**Your assignment**
Output only the stretch of the listing that starts at the line containing "Definition cdist (x" and ends at the line containing "(forall t, 0 <= t <= 1 -> V (g t)).", reproduced exactly with both ends.

**Records for this task**
===============
(* Let $G=\langle\alpha,\beta\mid\alpha^2=\beta^3=e\rangle$. The space $\mathrm{Hom}(G,\mathrm{Homeo}_+(S^1))$ is locally path-connected; more precisely, every neighbourhood of every point contains a path-connected neighbourhood of that point.
   Context: $\mathrm{Homeo}_+(S^1)$ carries the $C^0$ (uniform) topology. $\mathrm{Hom}(G,\mathrm{Homeo}_+(S^1))$ is identified with the set of pairs $(\psi(\alpha),\psi(\beta))$ of orientation-preserving homeomorphisms with $\psi(\alpha)^2=\mathrm{id}$ and $\psi(\beta)^3=\mathrm{id}$, with the topology of uniform convergence of $\psi(\alpha)$ and $\psi(\beta)^{\pm1}$. *)

From Stdlib Require Import Reals Lra.
Open Scope R_scope.

(** The circle S^1 = R/Z, represented by the fundamental domain [0,1). *)
Definition S1 : Type := { x : R | 0 <= x < 1 }.

Lemma frac_part_range (x : R) : 0 <= frac_part x < 1.
Proof.
  unfold frac_part. destruct (base_Int_part x) as [H1 H2]. lra.
Qed.

Definition proj (x : R) : S1 := exist _ (frac_part x) (frac_part_range x).

Definition cdist (x y : S1) : R :=
  let t := frac_part (proj1_sig x - proj1_sig y) in Rmin t (1 - t).

Definition circ_continuous (f : S1 -> S1) : Prop :=
  forall x eps, 0 < eps -> exists delta, 0 < delta /\
    forall y, cdist x y < delta -> cdist (f x) (f y) < eps.

Definition is_homeo (f : S1 -> S1) : Prop :=
  circ_continuous f /\
  exists g : S1 -> S1,
    (forall x, g (f x) = x) /\ (forall y, f (g y) = y) /\ circ_continuous g.

Definition orientation_preserving (f : S1 -> S1) : Prop :=
  exists F : R -> R,
    continuity F /\
    (forall x y, x < y -> F x < F y) /\
    (forall x, F (x + 1) = F x + 1) /\
    (forall x, proj (F x) = f (proj x)).

Definition homeo_plus (f : S1 -> S1) : Prop :=
  is_homeo f /\ orientation_preserving f.

(** A homomorphism psi : G -> Homeo_+(S^1), G = <a, b | a^2 = b^3 = e>,
    is identified with the pair (psi(a), psi(b)). *)
Definition Rep : Type := ((S1 -> S1) * (S1 -> S1))%type.

Definition in_Hom (p : Rep) : Prop :=
  homeo_plus (fst p) /\ homeo_plus (snd p) /\
  (forall x, fst p (fst p x) = x) /\
  (forall x, snd p (snd p (snd p x)) = x).

(** psi(b)^{-1} = psi(b)^2 since psi(b)^3 = id. *)
Definition binv (p : Rep) (x : S1) : S1 := snd p (snd p x).

(** Basic uniform neighbourhoods: psi(a), psi(b), psi(b)^{-1} are
    uniformly eps-close. *)
Definition near (eps : R) (p q : Rep) : Prop :=
  forall x,
    cdist (fst p x) (fst q x) < eps /\
    cdist (snd p x) (snd q x) < eps /\
    cdist (binv p x) (binv q x) < eps.

Definition is_nbhd (N : Rep -> Prop) (p : Rep) : Prop :=
  exists eps, 0 < eps /\ forall q, in_Hom q -> near eps p q -> N q.

Definition path_continuous (g : R -> Rep) : Prop :=
  forall t, 0 <= t <= 1 -> forall eps, 0 < eps -> exists delta, 0 < delta /\
    forall s, 0 <= s <= 1 -> Rabs (s - t) < delta -> near eps (g t) (g s).

Definition path_connected (V : Rep -> Prop) : Prop :=
  forall p q, V p -> V q -> exists g : R -> Rep,
    path_continuous g /\ g 0 = p /\ g 1 = q /\
    (forall t, 0 <= t <= 1 -> V (g t)).

(* Let f in Homeo_+(S^1) satisfy f^n = id and let F be a lift.  Then F^n is the translation by an
   integer k, and the average K = (F^0 + ... + F^(n-1)) / n is again a lift, with K o F = K + k/n:
   f is conjugate to the rotation by k/n.  A nearby g with g^n = id has, after an integer shift,
   a lift uniformly close to F; the same k occurs, and the average of that lift is close to K.
   Hence the maps H^-1 o (x + k/n) o H with H a lift close to K form a neighbourhood of f among
   the maps of period n, and it is path-connected because the set of such lifts H is convex.
   Taking such neighbourhoods for psi(alpha) (n = 2) and psi(beta) (n = 3) gives the theorem. *)

From Stdlib Require Import Reals Lra Lia ProofIrrelevance ClassicalEpsilon FunctionalExtensionality.
Open Scope R_scope.

Lemma IZR_eq_of_close (a b : Z) : Rabs (IZR a - IZR b) < 1 -> a = b.
Proof.
  intros H; apply Rabs_def2 in H; rewrite <- minus_IZR in H.
  assert (IZR (a - b) < IZR 1) as H1%lt_IZR by lra.
  assert (IZR (-1) < IZR (a - b)) as H2%lt_IZR by lra.
  lia.
Qed.

Lemma IVT_exists (h : R -> R) (a b c : R) :
  continuity h -> (h a - c) * (h b - c) <= 0 -> exists w, h w = c.
Proof.
  intros Hh Hab.
  assert (Hc : continuity (fun x => h x - c)) by reg.
  destruct (Rle_or_lt a b) as [Hle | Hlt].
  - destruct (IVT_cor _ a b Hc Hle Hab) as [w [_ Hw]]; exists w; lra.
  - destruct (IVT_cor _ b a Hc (Rlt_le _ _ Hlt)) as [w [_ Hw]]; [lra |].
    exists w; lra.
Qed.

(* Leaving the c-neighbourhood of z0 would force h through z0 + c or z0 - c,
   which is at distance c from every integer. *)
Lemma continuous_near_integer_stable (h : R -> R) (c : R) (z0 : Z) :
  continuity h -> c <= 1/2 ->
  (forall x, exists z : Z, Rabs (h x - IZR z) < c) ->
  Rabs (h 0 - IZR z0) < c -> forall x, Rabs (h x - IZR z0) < c.
Proof.
  intros Hh Hc Hnear H0 x.
  destruct (Rlt_or_le (Rabs (h x - IZR z0)) c) as [| Hfar]; [assumption | exfalso].
  apply Rabs_def2 in H0.
  assert (Hcross : exists w, h w = IZR z0 + c \/ h w = IZR z0 - c).
  { destruct (Rle_or_lt 0 (h x - IZR z0)).
    - rewrite Rabs_right in Hfar by lra.
      destruct (IVT_exists h 0 x (IZR z0 + c)) as [w Hw]; [auto | nra | eauto].
    - rewrite Rabs_left in Hfar by lra.
      destruct (IVT_exists h 0 x (IZR z0 - c)) as [w Hw]; [auto | nra | eauto]. }
  destruct Hcross as [w Hw]; destruct (Hnear w) as [z Hz]; apply Rabs_def2 in Hz.
  assert (z = z0) as -> by (apply IZR_eq_of_close, Rabs_def1; destruct Hw; lra).
  destruct Hw; lra.
Qed.

Lemma continuous_integer_valued_const (h : R -> R) :
  continuity h -> (forall x, exists z : Z, h x = IZR z) -> forall x, h x = h 0.
Proof.
  intros Hh Hint x.
  destruct (Hint 0) as [z0 E0], (Hint x) as [z Ez].
  assert (Hstable : Rabs (h x - IZR z0) < 1/2).
  { apply continuous_near_integer_stable; [auto | lra | | rewrite E0, Rminus_diag, Rabs_R0; lra].
    intros y; destruct (Hint y) as [zy Ey]; exists zy; rewrite Ey, Rminus_diag, Rabs_R0; lra. }
  rewrite Ez in Hstable |- *; rewrite E0.
  rewrite (IZR_eq_of_close z z0); [reflexivity | lra].
Qed.

Lemma S1_eq (a b : S1) : proj1_sig a = proj1_sig b -> a = b.
Proof.
  destruct a as [a Ha], b as [b Hb]; simpl; intros ->.
  f_equal; apply proof_irrelevance.
Qed.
===============
**Task response**
Definition cdist (x y : S1) : R :=
  let t := frac_part (proj1_sig x - proj1_sig y) in Rmin t (1 - t).

Definition circ_continuous (f : S1 -> S1) : Prop :=
  forall x eps, 0 < eps -> exists delta, 0 < delta /\
    forall y, cdist x y < delta -> cdist (f x) (f y) < eps.

Definition is_homeo (f : S1 -> S1) : Prop :=
  circ_continuous f /\
  exists g : S1 -> S1,
    (forall x, g (f x) = x) /\ (forall y, f (g y) = y) /\ circ_continuous g.

Definition orientation_preserving (f : S1 -> S1) : Prop :=
  exists F : R -> R,
    continuity F /\
    (forall x y, x < y -> F x < F y) /\
    (forall x, F (x + 1) = F x + 1) /\
    (forall x, proj (F x) = f (proj x)).

Definition homeo_plus (f : S1 -> S1) : Prop :=
  is_homeo f /\ orientation_preserving f.

(** A homomorphism psi : G -> Homeo_+(S^1), G = <a, b | a^2 = b^3 = e>,
    is identified with the pair (psi(a), psi(b)). *)
Definition Rep : Type := ((S1 -> S1) * (S1 -> S1))%type.

Definition in_Hom (p : Rep) : Prop :=
  homeo_plus (fst p) /\ homeo_plus (snd p) /\
  (forall x, fst p (fst p x) = x) /\
  (forall x, snd p (snd p (snd p x)) = x).

(** psi(b)^{-1} = psi(b)^2 since psi(b)^3 = id. *)
Definition binv (p : Rep) (x : S1) : S1 := snd p (snd p x).

(** Basic uniform neighbourhoods: psi(a), psi(b), psi(b)^{-1} are
    uniformly eps-close. *)
Definition near (eps : R) (p q : Rep) : Prop :=
  forall x,
    cdist (fst p x) (fst q x) < eps /\
    cdist (snd p x) (snd q x) < eps /\
    cdist (binv p x) (binv q x) < eps.

Definition is_nbhd (N : Rep -> Prop) (p : Rep) : Prop :=
  exists eps, 0 < eps /\ forall q, in_Hom q -> near eps p q -> N q.

Definition path_continuous (g : R -> Rep) : Prop :=
  forall t, 0 <= t <= 1 -> forall eps, 0 < eps -> exists delta, 0 < delta /\
    forall s, 0 <= s <= 1 -> Rabs (s - t) < delta -> near eps (g t) (g s).

Definition path_connected (V : Rep -> Prop) : Prop :=
  forall p q, V p -> V q -> exists g : R -> Rep,
    path_continuous g /\ g 0 = p /\ g 1 = q /\
    (forall t, 0 <= t <= 1 -> V (g t)).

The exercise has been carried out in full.